Monday, September 28, 2009

Clubbing















Today's physical exam rounds were on clubbing. Some points:

Etiologies (not meant to be exhaustive!)

1) Pulmonary- neoplastic, suppurative (i.e. abscess, empyema), bronchiectasis, inflammatory (e.g. fibrosis), pulmonary AVMs (as in HHT)
2) Cardiac- cyanotic heart disease, endocarditis
3) GI- cirrhosis (often non-alcohol related, as in PBC), celiac, IBD
Others: alpha-1 antitrypsin deficiency, sarcoma, hyperthyroidism


Classically first appears on 4th finger on non-dominant hand

Physical examination for clubbing:

May see obvious changes of terminal phalanges

Nailfold angles
1) Profile angle (AKA Lovibond's angle): Between skin proximal to cuticle and "takeoff" of nail; should be less than 180 degrees
2) Hyponychial angle: between skin proximal to cuticle and distal nail; should be less than 192 degrees.


Phalangeal depth ratio
Ratio of the distal phalangeal depth (i.e. vertical height of the finger at the middle of the distal phanynx) to the interphalangeal depth (i.e. vertical height of the finger at the DIP joint).
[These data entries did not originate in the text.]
(* Fix any integer $d\geq 3$, any prime power $q$, any group $\Gamma$, and a set $S\subseteq[d-1]$ with $|S|\geq 2$. Let $s$ be any face of $\mathcal{B}^{d,S}_q$ of co-dimension at least $3$. Then the $1$-cohomology of the link $\mathcal{B}^{d,S}_{q,s}$ with respect to $\Gamma$ is trivial; that is, every $f\in C^1(\mathcal{B}^{d,S}_{q,s},\Gamma)$ with $\delta f\equiv\mathrm{id}$ is of the form $f=\delta g$ for some $g:\mathcal{B}^{d,S}_{q,s}(0)\to\Gamma$.
   Context: For $S=\{s_1<\dots<s_m\}\subseteq[d-1]$, $\mathcal{B}^{d,S}_q$ is the simplicial complex whose vertices are the subspaces of $\mathbb{F}_q^d$ with dimension in $S$ and whose top faces are the chains $W_1\subset\cdots\subset W_m$ with $\dim W_i=s_i$ (faces are subsets of top faces). The co-dimension of a face $s$ is $|S|-|s|$, and $\mathcal{B}^{d,S}_{q,s}=\{t\setminus s: t\supseteq s\}$ is its link. $C^1(X,\Gamma)$ is the set of functions $f$ on ordered edges $(u,v)$ of $X$ with $f(u,v)=f(v,u)^{-1}$; $\delta f(u,v,w)=f(u,v)f(v,w)f(w,u)$ on triangles; $\delta g(u,v)=g(u)g(v)^{-1}$ for $g$ on vertices. *)

From HB Require Import structures.
From mathcomp Require Import all_boot all_order all_algebra all_field.
From mathcomp Require Import monoid.
Set Implicit Arguments. Unset Strict Implicit. Unset Printing Implicit Defensive.

(* Vertices of B^{d,S}_q : subspaces of F^d (F a finite field with q elements)
   whose dimension lies in S.  A face is a finite set of vertices (given as a
   duplicate-free list) contained in a chain W_1 < ... < W_m with dim W_i = s_i,
   i.e. a set of vertices pairwise comparable under inclusion. *)

Section Building.
Variables (F : finFieldType) (d : nat) (S : seq nat).

Definition vtx := {vspace 'rV[F]_d}.

Definition is_vertex (U : vtx) : bool := \dim U \in S.

Definition is_face (s : seq vtx) : bool :=
  [&& uniq s, all is_vertex s &
      all (fun U => all (fun W => (U <= W)%VS || (W <= U)%VS) s) s].

Definition codim (s : seq vtx) : nat := size S - size s.

(* the link B^{d,S}_{q,s} = { t \ s : t face, t ⊇ s } *)
Definition link_vertex (s : seq vtx) (u : vtx) : Prop :=
  u \notin s /\ is_face (u :: s).
Definition link_edge (s : seq vtx) (u v : vtx) : Prop :=
  u \notin s /\ v \notin s /\ is_face (u :: v :: s).
Definition link_triangle (s : seq vtx) (u v w : vtx) : Prop :=
  [/\ u \notin s, v \notin s, w \notin s & is_face (u :: v :: w :: s)].
End Building.

Local Open Scope group_scope.

Definition is_cochain1 {V : Type} {G : groupType}
  (edge : V -> V -> Prop) (f : V -> V -> G) : Prop :=
  forall u v, edge u v -> f u v = (f v u)^-1.

Definition is_cocycle1 {V : Type} {G : groupType}
  (tri : V -> V -> V -> Prop) (f : V -> V -> G) : Prop :=
  forall u v w, tri u v w -> f u v * f v w * f w u = 1.

Definition is_coboundary1 {V : Type} {G : groupType}
  (vert : V -> Prop) (edge : V -> V -> Prop) (f : V -> V -> G) : Prop :=
  exists g : V -> G, forall u v, edge u v -> f u v = g u * (g v)^-1.

(* The link of s is the flag complex of the subspaces U whose dimension lies in
   the set T of dimensions of S not used by s and which sit between the members
   of s next to \dim U.  Its H^1 vanishes by coning: a trivialisation extends to
   a new vertex whose link in the previous complex is connected, so it suffices
   to add the vertices in an order in which all these links are connected.
   Let a < b < c be elements of T with a = min T, c = max T, and fix a vertex X0
   of dimension a.  The vertices of dimension a, b or c are added from X0 in
   increasing order of 3 (a - \dim (U :&: X0)) + (0, 1 or 2 for a, b, c); the
   links met along the way are connected, essentially because the vertices of
   two given dimensions between two fixed subspaces span a connected graph (an
   exchange argument).
   The other dimensions, strictly between a and c, are added one at a time: a
   new vertex is incident to a vertex of dimension a below it and to one of
   dimension c above it, and these connect its whole link. *)

From mathcomp Require Import all_boot all_order all_algebra all_field.
From mathcomp Require Import monoid.
From Stdlib Require Import Classical ClassicalEpsilon.
From mathcomp Require Import zify.
Set Implicit Arguments. Unset Strict Implicit. Unset Printing Implicit Defensive.

Section FlagComplex.
Local Open Scope group_scope.
Variables (V : Type) (G : groupType) (adj : V -> V -> Prop).
Hypothesis adj_sym : forall u v, adj u v -> adj v u.

Inductive walk_in (P : V -> Prop) (x : V) : V -> Prop :=
  | walk_nil : walk_in P x x
  | walk_rcons y z : walk_in P x y -> P z -> adj y z -> walk_in P x z.

Definition connected_in (P : V -> Prop) := forall x y, P x -> P y -> walk_in P x y.

Definition H1_trivial (P : V -> Prop) := forall f : V -> V -> G,
  (forall u v, P u -> P v -> adj u v -> f u v = (f v u)^-1) ->
  (forall u v w, P u -> P v -> P w -> adj u v -> adj v w -> adj u w ->
     f u v * f v w * f w u = 1) ->
  exists g : V -> G, forall u v, P u -> P v -> adj u v -> f u v = g u * (g v)^-1.

Lemma walk_in_last P x y : walk_in P x y -> P x -> P y.
Proof. by elim. Qed.

Lemma walk_in_trans P x y z : walk_in P x y -> walk_in P y z -> walk_in P x z.
Proof. by move=> wxy; elim=> // y' z' _ wxy' Pz' a; apply: walk_rcons wxy' Pz' a. Qed.

Lemma walk_in_edge P x y : P y -> adj x y -> walk_in P x y.
Proof. exact: walk_rcons (walk_nil P x). Qed.

Lemma walk_in_sym P x y : walk_in P x y -> P x -> walk_in P y x.
Proof.
elim=> [|y' z w IH Pz a] Px; first exact: walk_nil.
apply: walk_in_trans (IH Px).
by apply: walk_in_edge; [apply: walk_in_last w Px | apply: adj_sym].
Qed.

Lemma walk_in_sub (P Q : V -> Prop) x y :
  (forall z, P z -> Q z) -> walk_in P x y -> walk_in Q x y.
Proof.
move=> PQ; elim=> [|y' z _ IH Pz a]; first exact: walk_nil.
exact: walk_rcons IH (PQ _ Pz) a.
Qed.

Lemma connected_in_ext (P Q : V -> Prop) :
  (forall z, P z <-> Q z) -> connected_in P -> connected_in Q.
Proof.
move=> PQ cP x y /PQ Px /PQ Py.
by apply: walk_in_sub (cP x y Px Py) => z /PQ.
Qed.

Lemma connected_in_hub (P : V -> Prop) h : P h ->
  (forall w, P w -> [\/ w = h, adj h w | exists w', [/\ P w', adj h w' & adj w' w]]) ->
  connected_in P.
Proof.
move=> Ph near_h.
have walk_h w : P w -> walk_in P h w.
  move=> Pw; case: (near_h w Pw) => [->|a|[w' [Pw' a1 a2]]].
  - exact: walk_nil.
  - exact: walk_in_edge.
  - exact: walk_rcons (walk_in_edge Pw' a1) Pw a2.
move=> x y Px Py; apply: walk_in_trans (walk_h y Py).
exact: walk_in_sym (walk_h x Px) Ph.
Qed.

Lemma H1_trivial_ext (P Q : V -> Prop) :
  (forall z, P z <-> Q z) -> H1_trivial P -> H1_trivial Q.
Proof.
move=> PQ HP f f_anti f_cocycle.
have [|u v w Pu Pv Pw|g Hg] := HP f.
- by move=> u v /PQ Qu /PQ Qv; apply: f_anti.
- by apply: f_cocycle; apply/PQ.
- by exists g => u v /PQ Pu /PQ Pv; apply: Hg.
Qed.

Lemma H1_trivial_discrete (P : V -> Prop) :
  (forall u v, P u -> P v -> ~ adj u v) -> H1_trivial P.
Proof. by move=> nadj f _ _; exists (fun=> 1) => u v Pu Pv /(nadj u v Pu Pv). Qed.

(* Coning off: a new vertex v gets the value g v := f v w * g w, which does not
   depend on the neighbour w in P by the cocycle condition along a walk in the
   (connected) link of v. *)
Lemma H1_trivial_extend (P Q : V -> Prop) :
  (forall v, P v -> Q v) ->
  (forall u v, Q u -> Q v -> ~ P u -> ~ P v -> ~ adj u v) ->
  (forall v, Q v -> ~ P v -> connected_in (fun w => P w /\ adj v w)) ->
  H1_trivial P -> H1_trivial Q.
Proof.
move=> PQ new_indep link_conn HP f f_anti f_cocycle.
have [|u v w Pu Pv Pw|g Hg] := HP f.
- by move=> u v Pu Pv; apply: f_anti; apply: PQ.
- by apply: f_cocycle; apply: PQ.
have ext v : exists x : G, (P v -> x = g v) /\
    (~ P v -> Q v -> forall w, P w -> adj v w -> x = f v w * g w).
  case: (classic (P v)) => Pv; first by exists (g v); split=> // /(_ Pv).
  case: (classic (exists w, P w /\ adj v w)) => [[w0 lw0]|nw]; last first.
    by exists 1; split=> // _ _ w Pw a; case: nw; exists w.
  exists (f v w0 * g w0); split=> // _ Qv w Pw a.
  elim: (link_conn v Qv Pv w0 w lw0 (conj Pw a)) => // y z wy IH [Pz az] ayz.
  have [Py ay] := walk_in_last wy lw0.
  have fvz : f v z = f v y * f y z.
    have := f_cocycle v y z Qv (PQ _ Py) (PQ _ Pz) ay ayz az.
    by rewrite (f_anti v z Qv (PQ _ Pz) az) => /mulg1_eq <-; rewrite invgK.
  by rewrite IH fvz (Hg y z Py Pz ayz) -!mulgA mulVg mulg1.
have [g' g'P] : exists g' : V -> G, forall v, (P v -> g' v = g v) /\
    (~ P v -> Q v -> forall w, P w -> adj v w -> g' v = f v w * g w).
  exists (fun v => proj1_sig (constructive_indefinite_description _ (ext v))).
  by move=> v; exact: proj2_sig (constructive_indefinite_description _ (ext v)).
exists g' => u v Qu Qv a.
case: (classic (P u)) => Pu; case: (classic (P v)) => Pv.
- by rewrite (g'P u).1 // (g'P v).1 //; apply: Hg.
- rewrite (g'P u).1 // ((g'P v).2 Pv Qv u Pu (adj_sym a)).
  by rewrite invgM mulgA mulgV mul1g f_anti.
- by rewrite (g'P v).1 // ((g'P u).2 Pu Qu v Pv a) mulgK.
- by case: (new_indep u v Qu Qv Pu Pv a).
Qed.

End FlagComplex.

Section Subspaces.
Variables (F : finFieldType) (d : nat).
Local Notation vt := (vtx F d).
Implicit Types U W R X L : vt.

Definition nested U W : bool := (U <= W)%VS || (W <= U)%VS.

Definition incident U W : Prop := U <> W /\ nested U W.

Lemma nestedC U W : nested U W = nested W U.
Proof. by rewrite /nested orbC. Qed.

Lemma nestedvv U : nested U U.
Proof. by rewrite /nested subvv. Qed.

Lemma incident_sym U W : incident U W -> incident W U.
Proof. by case=> neq; rewrite nestedC; split=> // eq; apply: neq. Qed.

Lemma subv_dim_eq U W : (U <= W)%VS -> \dim W <= \dim U -> U = W.
Proof. by move=> sUW leWU; apply/eqP; rewrite eqEdim sUW leWU. Qed.

Lemma nested_dim_inj U W : nested U W -> \dim U = \dim W -> U = W.
Proof.
by case/orP=> [sUW|sWU] eUW; [apply: subv_dim_eq | symmetry; apply: subv_dim_eq];
  rewrite ?eUW.
Qed.

Lemma nested_subv U W : nested U W -> \dim U <= \dim W -> (U <= W)%VS.
Proof.
case/orP=> // sWU leUW.
by rewrite (subv_dim_eq sWU leUW) subvv.
Qed.

Lemma incident_subv U W : (U <= W)%VS -> \dim U != \dim W -> incident U W.
Proof.
by move=> sUW /eqP neq; split; [move=> eUW; apply: neq; rewrite eUW | rewrite /nested sUW].
Qed.

Lemma incident_supv U W : (W <= U)%VS -> \dim U != \dim W -> incident U W.
Proof. by rewrite eq_sym => sWU /(incident_subv sWU) /incident_sym. Qed.

Lemma nested_addv U W L : nested U L -> nested W L -> nested (U + W)%VS L.
Proof.
case/orP=> [sUL|sLU]; last by rewrite /nested (subv_trans sLU (addvSl _ _)) orbT.
case/orP=> [sWL|sLW]; first by rewrite /nested subv_add sUL sWL.
by rewrite /nested (subv_trans sLW (addvSr _ _)) orbT.
Qed.

Lemma nested_between X U W L : nested U L -> nested W L -> ~~ (U <= W)%VS ->
  (U <= X)%VS -> (X <= U + W)%VS -> nested X L.
Proof.
move=> + + nUW sUX sXUW.
case/orP=> [sUL|sLU]; last by rewrite /nested (subv_trans sLU sUX) orbT.
case/orP=> [sWL|sLW]; first by rewrite /nested (subv_trans sXUW) // subv_add sUL sWL.
by rewrite (subv_trans sUL sLW) in nUW.
Qed.

Lemma dim_add_nested X L : nested X L -> \dim (X + L)%VS = maxn (\dim X) (\dim L).
Proof.
by case/orP=> sXL; rewrite ?(addv_idPr sXL) ?(addv_idPl sXL); have := dimvS sXL; lia.
Qed.

Lemma dim_add_line_leq U v : \dim (U + <[v]>) <= (\dim U).+1.
Proof. by have := dimv_sum_cap U <[v]>; rewrite dim_vline; case: (v != 0%R) => /=; lia. Qed.

Lemma dim_add_line U v : v \notin U -> \dim (U + <[v]>) = (\dim U).+1.
Proof.
move=> vU; have v0 : v != 0%R by apply: contraNneq vU => ->; rewrite mem0v.
have : \dim (U :&: <[v]>) < \dim <[v]>.
  by rewrite (ltn_leqif (dimv_leqif_sup (capvSr U <[v]>))) subv_cap subvv andbT -memvE.
by have := dimv_sum_cap U <[v]>; rewrite dim_vline v0 /=; lia.
Qed.

Lemma exists_subv_between U W k : (U <= W)%VS -> \dim U <= k <= \dim W ->
  exists R, [/\ (U <= R)%VS, (R <= W)%VS & \dim R = k].
Proof.
move=> + /andP[]; move: {2}(k - \dim U) (leqnn (k - \dim U)) => n.
elim: n U => [|n IH] U gap sUW leUk lekW.
  by exists U; split=> //; lia.
have [lekU|ltUk] := leqP k (\dim U); first by exists U; split=> //; lia.
have /subvPn[v vW vU] : ~~ (W <= U)%VS.
  by apply: contraL ltUk => /dimvS; rewrite -leqNgt; apply: leq_trans.
have sUvW : (U + <[v]> <= W)%VS by rewrite subv_add sUW -memvE.
have [||R [sUvR sRW dR]] := IH (U + <[v]>)%VS _ sUvW _ lekW;
  rewrite ?dim_add_line //; try lia.
by exists R; split=> //; apply: subv_trans sUvR; apply: addvSl.
Qed.

Lemma dim_fullv : \dim (fullv : vt) = d.
Proof. by rewrite dimvf /dim /= mul1n. Qed.

End Subspaces.

Arguments incident {F d}.

Lemma exists_notin (T : eqType) (l r : seq T) : uniq l -> size r < size l ->
  exists2 x, x \in l & x \notin r.
Proof.
move=> ul; rewrite ltnNge => /negP small.
have /hasP[x xl xr] : has (fun x => x \notin r) l.
  by apply/hasPn=> sub; apply: small; apply: (uniq_leq_size ul) => x /sub /negPn.
by exists x.
Qed.

Section Link.
Variables (F : finFieldType) (d : nat) (S : seq nat) (s : seq (vtx F d)).
Local Notation vt := (vtx F d).
Local Notation lv := (link_vertex S s).
Implicit Types U W R P Q : vt.
Hypotheses (hs : is_face S s) (hS : all (fun i => 0 < i < d) S).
Interphanangeal depth is normally greater than distal phanangeal depth. This is reversed in clubbing.

Schamroth sign
Diamond-shaped opening when dorsal distal phalanges are opposed

Palpation:
May have "boggy" nailbed, where proximal edge of nail is felt, and may be able to rock the nail back and forth using nailbed as a fulcrum

Evidence:
Based on the JAMA Rational Clinical Exam article on clubbing,
the lack of an accepted gold standard makes sensitivity and specificty determinations difficult. Their literature review showed that 'normals' are very unlikely to have profile angle over 176 degrees, hyponychial angle over 192 degrees, or phalangeal depth ratio over 1.0. Patients are more likely to have IBD or lung cancer if clubbing is present, and the phalangeal depth ratio was the best test for this purpose.